INSTRUCTIONS TO FOLLOW
Write out again the entries from the first line to the line that includes "have [eq_is|neq_is] := eqVneq i s.", keeping both of those lines.

RECORDS FOR PROCESSING
Lemma prodr_rem_comm (r : seq I) (P : pred I) s : uniq r -> s \in r -> P s ->
  \prod_(j <- r | P j) x j = x s * \prod_(j <- r | P j && (j != s)) x j.
Proof.
elim: r => [|i r IHr] //= /andP[i_r uniq_r]; rewrite inE => s_ir Ps; rewrite !big_cons.
have [eq_is|neq_is] := eqVneq i s.
  subst i; rewrite Ps andbF; congr (_ * _).
  rewrite big_seq_cond [RHS]big_seq_cond; apply: eq_bigl => j.
  case: (boolP (j \in r)) => //= j_r.
  by rewrite (_ : j != s) ?andbT //; apply: contraNneq i_r => <-.
have s_r : s \in r by case/orP: s_ir => // /eqP s_eq; rewrite s_eq eqxx in neq_is.
rewrite IHr // andbT; case: (P i) => //.
by rewrite !mulrA xC.
Qed.

Lemma prodr_setD1_comm (Y : {set I}) s : s \in Y ->
  \prod_(j in Y) x j = x s * \prod_(j in Y :\ s) x j.
Proof.
move=> s_Y; rewrite (@prodr_rem_comm _ (mem Y) s) ?index_enum_uniq ?mem_index_enum //.
by congr (_ * _); apply: eq_bigl => j; rewrite in_setD1 andbC.
Qed.

Lemma monomialC Y Z : GRing.comm (c Y * \prod_(j in Y) x j) (c Z * \prod_(j in Z) x j).
Proof.
have c_prod W V : GRing.comm (c W) (\prod_(j in V) x j).
  by apply: commr_prod => i _; apply: cxC.
have prodC W V : GRing.comm (\prod_(j in W) x j) (\prod_(j in V) x j).
  by apply: commr_prod => i _; apply/commr_sym/commr_prod => j _; apply: xC.
apply: commrM; apply: commr_sym; apply: commrM; rewrite ?cC ?c_prod //.
exact/commr_sym/c_prod.
Qed.

Lemma monsumC P P' : GRing.comm (monsum P) (monsum P').
Proof.
by apply: commr_sum => Y _; apply/commr_sym/commr_sum => Z _; apply: monomialC.
Qed.

Lemma exprD_sqr0 (a b : T) j : GRing.comm a b -> b * b = 0 -> a ^+ j = 0 ->
  (a + b) ^+ j.+1 = 0.
Proof.
move=> ab b_sqr a_nil; rewrite exprDn_comm //; apply: big1 => -[i lt_i] _ /=.
have [le2i|lti2] := leqP 2 i.
  by rewrite -(subnK le2i) exprD expr2 b_sqr mulr0 mulr0 mul0rn.
by rewrite (_ : j.+1 - i = j + (1 - i))%N ?exprD ?a_nil ?mul0r ?mul0rn //; lia.
Qed.
Lemma Rabs_inner_le_norm a b x y : a ^ 2 + b ^ 2 = 1 ->
  Rabs (a * x + b * y) <= sqrt (x ^ 2 + y ^ 2).
Proof.
  intros Hab. rewrite <- sqrt_Rsqr_abs. apply sqrt_le_1_alt.
  unfold Rsqr. assert (0 <= (a * y - b * x) ^ 2) by apply pow2_ge_0. nra.
Qed.

Lemma sqrt_pow3 x : 0 < x -> sqrt (x ^ 3) = Rpower x (3 / 2).
Proof.
  intros Hx.
  replace (3 / 2) with (1 + / 2) by field. rewrite Rpower_plus, Rpower_1, Rpower_sqrt by lra.
  replace (x ^ 3) with (x ^ 2 * x) by ring.
  rewrite sqrt_mult_alt, sqrt_pow2 by (lra || apply pow2_ge_0). reflexivity.
Qed.

Section ArclengthCalculus.
Variables gx gy : R -> R.

Local Notation ds := (d_s gx gy).

Lemma speed_sqr t : speed gx gy t ^ 2 = Derive gx t ^ 2 + Derive gy t ^ 2.
Proof.
  unfold speed. rewrite <- Rsqr_pow2. apply Rsqr_sqrt.
  apply Rplus_le_le_0_compat; apply pow2_ge_0.
Qed.

Lemma d_s_ext f g : (forall t, f t = g t) -> forall t, ds f t = ds g t.
Proof. intros Hfg t. unfold d_s. now rewrite (Derive_ext f g). Qed.

Lemma d_s_const c t : ds (fun _ => c) t = 0.
Proof. unfold d_s. rewrite Derive_const. apply Rmult_0_l. Qed.

Lemma d_s_plus f g t : ex_derive f t -> ex_derive g t ->
  ds (fun u => f u + g u) t = ds f t + ds g t.
Proof. intros Hf Hg. unfold d_s. rewrite Derive_plus by auto. unfold Rdiv. ring. Qed.

Lemma d_s_minus f g t : ex_derive f t -> ex_derive g t ->
  ds (fun u => f u - g u) t = ds f t - ds g t.
Proof. intros Hf Hg. unfold d_s. rewrite Derive_minus by auto. unfold Rdiv. ring. Qed.
(* Let $\mathcal{H}$ be a hedgehog with support function $h$ and let $k>2$ be an integer. Then the $k$th Order Midpoint Set of $\mathcal{H}$ is parameterized by \[ \Omega_{\mathcal{H},k}(s)=\frac{2}{k}\sum_{j=1}^{k}h\Big(s+\frac{2\pi j}{k}\Big)\Big(\cos\Big(s+\frac{2\pi j}{k}\Big),\sin\Big(s+\frac{2\pi j}{k}\Big)\Big),\qquad s\in\Big[0,\frac{2\pi}{k}\Big]; \] that is, for every $s$, the center of mass of the equiangular $k$-gon circumscribed about $\mathcal{H}$ at parameter $s$ equals the right-hand side.
   Context: Write $u(s)=(\cos s,\sin s)$, $u'(s)=(-\sin s,\cos s)$. A hedgehog is a closed planar curve determined by a smooth $2\pi$-periodic function $h$ (its support function) via $\mathcal{H}(s)=h(s)u(s)+h'(s)u'(s)$. For $s\in\mathbb{R}$ and $j\in\mathbb{Z}$ let $\ell_j(s)=\{x:\langle x,u(s+\tfrac{2\pi j}{k})\rangle=h(s+\tfrac{2\pi j}{k})\}$ (support lines). The equiangular $k$-gon circumscribed about $\mathcal{H}$ at parameter $s$ has vertices $v_j(s)=\ell_j(s)\cap\ell_{j+1}(s)$, $j=0,\dots,k-1$ (indices mod $k$), and its center of mass is $\frac1k\sum_{j=0}^{k-1}v_j(s)$. The $k$th Order Midpoint Set $\Omega_{\mathcal{H},k}$ is the set of centers of mass of all these equiangular circumscribed $k$-gons. *)

From Stdlib Require Import Reals Lra List.
From Coquelicot Require Import Coquelicot.
Open Scope R_scope.

Definition pt := (R * R)%type.

Definition dot (x y : pt) : R := fst x * fst y + snd x * snd y.

Definition u (s : R) : pt := (cos s, sin s).

Definition smooth (h : R -> R) : Prop :=
  forall (n : nat) (x : R), ex_derive (Derive_n h n) x.

Definition periodic_2pi (h : R -> R) : Prop :=
  forall x : R, h (x + 2 * PI) = h x.

(* angle of the j-th support line of the equiangular k-gon at parameter s *)
Definition theta (k : nat) (s : R) (j : nat) : R := s + 2 * PI * INR j / INR k.

Definition on_support_line (h : R -> R) (k : nat) (s : R) (j : nat) (x : pt) : Prop :=
  dot x (u (theta k s j)) = h (theta k s j).

Definition fsum (f : nat -> R) (lo n : nat) : R :=
  fold_right Rplus 0 (map f (seq lo n)).

Definition center_of_mass (k : nat) (v : nat -> pt) : pt :=
  (fsum (fun j => fst (v j)) 0 k / INR k, fsum (fun j => snd (v j)) 0 k / INR k).

Definition midpoint_param (h : R -> R) (k : nat) (s : R) : pt :=
  (2 / INR k * fsum (fun j => h (theta k s j) * cos (theta k s j)) 1 k,
   2 / INR k * fsum (fun j => h (theta k s j) * sin (theta k s j)) 1 k).

(* Consecutive support lines have normals u(θ_j) and u(θ_j + a), a = 2π/k, so by
   Cramer's rule sin a · v_j = h(θ_j) J u(θ_{j+1}) - h(θ_{j+1}) J u(θ_j), with J the
   rotation by -π/2.  Summing over j and re-indexing the second sum cyclically (h and
   u are 2π-periodic) collects the coefficient h(θ_j) J (u(θ_j + a) - u(θ_j - a))
   = 2 sin a · h(θ_j) u(θ_j); for k > 2 we have 0 < a < π, so sin a can be cancelled. *)

From Stdlib Require Import Reals Lra Lia.
From Coquelicot Require Import Coquelicot.
Open Scope R_scope.

Lemma fsum_cons (f : nat -> R) (lo n : nat) :
  fsum f lo (S n) = f lo + fsum f (S lo) n.
Proof. reflexivity. Qed.

Lemma fsum_rcons (f : nat -> R) (lo n : nat) :
  fsum f lo (S n) = fsum f lo n + f (lo + n)%nat.
Proof.
  revert lo; induction n as [|n IH]; intros lo.
  - unfold fsum; simpl; rewrite Nat.add_0_r; ring.
  - rewrite fsum_cons, IH, fsum_cons.
    replace (S lo + n)%nat with (lo + S n)%nat by lia; ring.
Qed.

Lemma fsum_ext (f g : nat -> R) (lo n : nat) :
  (forall j, (lo <= j < lo + n)%nat -> f j = g j) -> fsum f lo n = fsum g lo n.
Proof.
  revert lo; induction n as [|n IH]; intros lo Hfg; [reflexivity|].
  rewrite !fsum_cons, (Hfg lo) by lia.
  rewrite IH; [reflexivity|]; intros; apply Hfg; lia.
Qed.

Lemma fsum_minus (f g : nat -> R) (lo n : nat) :
  fsum (fun j => f j - g j) lo n = fsum f lo n - fsum g lo n.
Proof.
  revert lo; induction n as [|n IH]; intros lo; [unfold fsum; simpl; ring|].
  rewrite !fsum_cons, IH; ring.
Qed.

Lemma fsum_scal (c : R) (f : nat -> R) (lo n : nat) :
  fsum (fun j => c * f j) lo n = c * fsum f lo n.
Proof.
  revert lo; induction n as [|n IH]; intros lo; [unfold fsum; simpl; ring|].
  rewrite !fsum_cons, IH; ring.
Qed.

Lemma fsum_shift (f : nat -> R) (lo n : nat) :
  fsum (fun j => f (S j)) lo n = fsum f (S lo) n.
Proof.
  revert lo; induction n as [|n IH]; intros lo; [reflexivity|].
  rewrite !fsum_cons, IH; reflexivity.
Qed.

Lemma fsum_rotate (f : nat -> R) (n : nat) : f O = f n -> fsum f 0 n = fsum f 1 n.
Proof.
  intros Hf; destruct n as [|n]; [reflexivity|].
  rewrite fsum_cons, fsum_rcons, Hf; simpl; ring.
Qed.

Lemma support_lines_vertex (t a p q : R) (x : pt) :
  dot x (u t) = p -> dot x (u (t + a)) = q ->
  sin a * fst x = p * sin (t + a) - q * sin t /\
  sin a * snd x = q * cos t - p * cos (t + a).
Proof.
  destruct x as [x1 x2]; unfold dot, u; simpl; intros <- <-.
  assert (Ha : sin a = sin ((t + a) - t)) by (f_equal; ring).
  rewrite Ha, sin_minus; split; ring.
Qed.

Lemma sin_periodic : periodic_2pi sin.
Proof. intros x; rewrite sin_plus, sin_2PI, cos_2PI; ring. Qed.

Lemma opp_cos_periodic : periodic_2pi (fun x => - cos x).
Proof. intros x; rewrite cos_plus, sin_2PI, cos_2PI; ring. Qed.

Section EquiangularPolygon.

Variables (h : R -> R) (k : nat) (s : R).
Hypothesis h_periodic : periodic_2pi h.
Hypothesis k_gt2 : (2 < k)%nat.

Let a := 2 * PI / INR k.
Let th := theta k s.

Lemma INR_k_neq0 : INR k <> 0.
Proof. apply not_0_INR; lia. Qed.

Lemma theta_S (j : nat) : th (S j) = th j + a.
Proof. unfold th, theta, a; rewrite S_INR; unfold Rdiv; ring. Qed.

Lemma theta_last : th k = th O + 2 * PI.
Proof. pose proof INR_k_neq0; unfold th, theta; simpl; field; assumption. Qed.

Lemma sin_step_neq0 : sin a <> 0.
Proof.
  pose proof PI_RGT_0 as Hpi; pose proof INR_k_neq0 as Hk0.
  assert (Hk3 : 3 <= INR k) by (replace 3 with (INR 3) by (simpl; ring); apply le_INR; lia).
  assert (Ha : a * INR k = 2 * PI) by (unfold a; field; assumption).
  apply Rgt_not_eq, sin_gt_0.
  - unfold a; apply Rdiv_lt_0_compat; lra.
  - nra.
Qed.

(* Summation by parts around the closed polygon: the [j]-th term of the first sum and
   the [(j-1)]-th term of the second one share the factor [h (th j)]. *)
Lemma fsum_cross_periodic (psi : R -> R) : periodic_2pi psi ->
  fsum (fun j => h (th j) * psi (th (S j)) - h (th (S j)) * psi (th j)) 0 k =
  fsum (fun j => h (th j) * (psi (th j + a) - psi (th j - a))) 1 k.
Proof.
  intros Hpsi; rewrite fsum_minus.
  rewrite (fsum_ext (fun j => h (th j) * psi (th (S j))) (fun j => h (th j) * psi (th j + a)))
    by (intros; rewrite theta_S; reflexivity).
  rewrite fsum_rotate
    by (rewrite theta_last, h_periodic, Rplus_assoc, (Rplus_comm (2 * PI)), <- Rplus_assoc, Hpsi;
        reflexivity).
  rewrite (fsum_ext (fun j => h (th (S j)) * psi (th j)) (fun j => h (th (S j)) * psi (th (S j) - a)))
    by (intros; rewrite theta_S; f_equal; f_equal; ring).
  rewrite (fsum_shift (fun j => h (th j) * psi (th j - a))), <- fsum_minus.
  apply fsum_ext; intros; ring.
Qed.

Variable v : nat -> pt.
Hypothesis v_vertex : forall j : nat, (j < k)%nat ->
  on_support_line h k s j (v j) /\ on_support_line h k s (S j) (v j).

Lemma vertex_cramer (j : nat) : (j < k)%nat ->
  sin a * fst (v j) = h (th j) * sin (th (S j)) - h (th (S j)) * sin (th j) /\
  sin a * snd (v j) = h (th j) * - cos (th (S j)) - h (th (S j)) * - cos (th j).
Proof.
  intros Hj; destruct (v_vertex j Hj) as [Hl Hr].
  unfold on_support_line in Hl, Hr; fold th in Hl, Hr; rewrite theta_S in Hr |- *.
  destruct (support_lines_vertex _ _ _ _ _ Hl Hr) as [Hx Hy].
  split; [exact Hx | rewrite Hy; ring].
Qed.

Lemma fsum_vertex_fst :
  fsum (fun j => fst (v j)) 0 k = 2 * fsum (fun j => h (th j) * cos (th j)) 1 k.
Proof.
  apply (Rmult_eq_reg_l (sin a)); [|exact sin_step_neq0].
  rewrite <- fsum_scal.
  erewrite fsum_ext by (intros j Hj; apply (proj1 (vertex_cramer j ltac:(lia)))).
  rewrite fsum_cross_periodic by exact sin_periodic.
  rewrite <- !fsum_scal; apply fsum_ext; intros.
  rewrite sin_plus, sin_minus; ring.
Qed.

Lemma fsum_vertex_snd :
  fsum (fun j => snd (v j)) 0 k = 2 * fsum (fun j => h (th j) * sin (th j)) 1 k.
Proof.
  apply (Rmult_eq_reg_l (sin a)); [|exact sin_step_neq0].
  rewrite <- fsum_scal.
  erewrite fsum_ext by (intros j Hj; apply (proj2 (vertex_cramer j ltac:(lia)))).
  rewrite (fsum_cross_periodic (fun x => - cos x)) by exact opp_cos_periodic.
  rewrite <- !fsum_scal; apply fsum_ext; intros.
  rewrite cos_plus, cos_minus; ring.
Qed.

End EquiangularPolygon.

Theorem proposition4p5 (h : R -> R) (k : nat)
  (Hsmooth : smooth h) (Hper : periodic_2pi h) (Hk : (2 < k)%nat)
  (s : R) (v : nat -> pt)
  (Hv : forall j : nat, (j < k)%nat ->
        on_support_line h k s j (v j) /\ on_support_line h k s (S j) (v j)) :
  center_of_mass k v = midpoint_param h k s.
Proof.
  unfold center_of_mass, midpoint_param.
  rewrite (fsum_vertex_fst h k s Hper Hk v Hv), (fsum_vertex_snd h k s Hper Hk v Hv).
  unfold Rdiv; f_equal; ring.
Qed.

ANSWER BOX
Lemma prodr_rem_comm (r : seq I) (P : pred I) s : uniq r -> s \in r -> P s ->
  \prod_(j <- r | P j) x j = x s * \prod_(j <- r | P j && (j != s)) x j.
Proof.
elim: r => [|i r IHr] //= /andP[i_r uniq_r]; rewrite inE => s_ir Ps; rewrite !big_cons.
have [eq_is|neq_is] := eqVneq i s.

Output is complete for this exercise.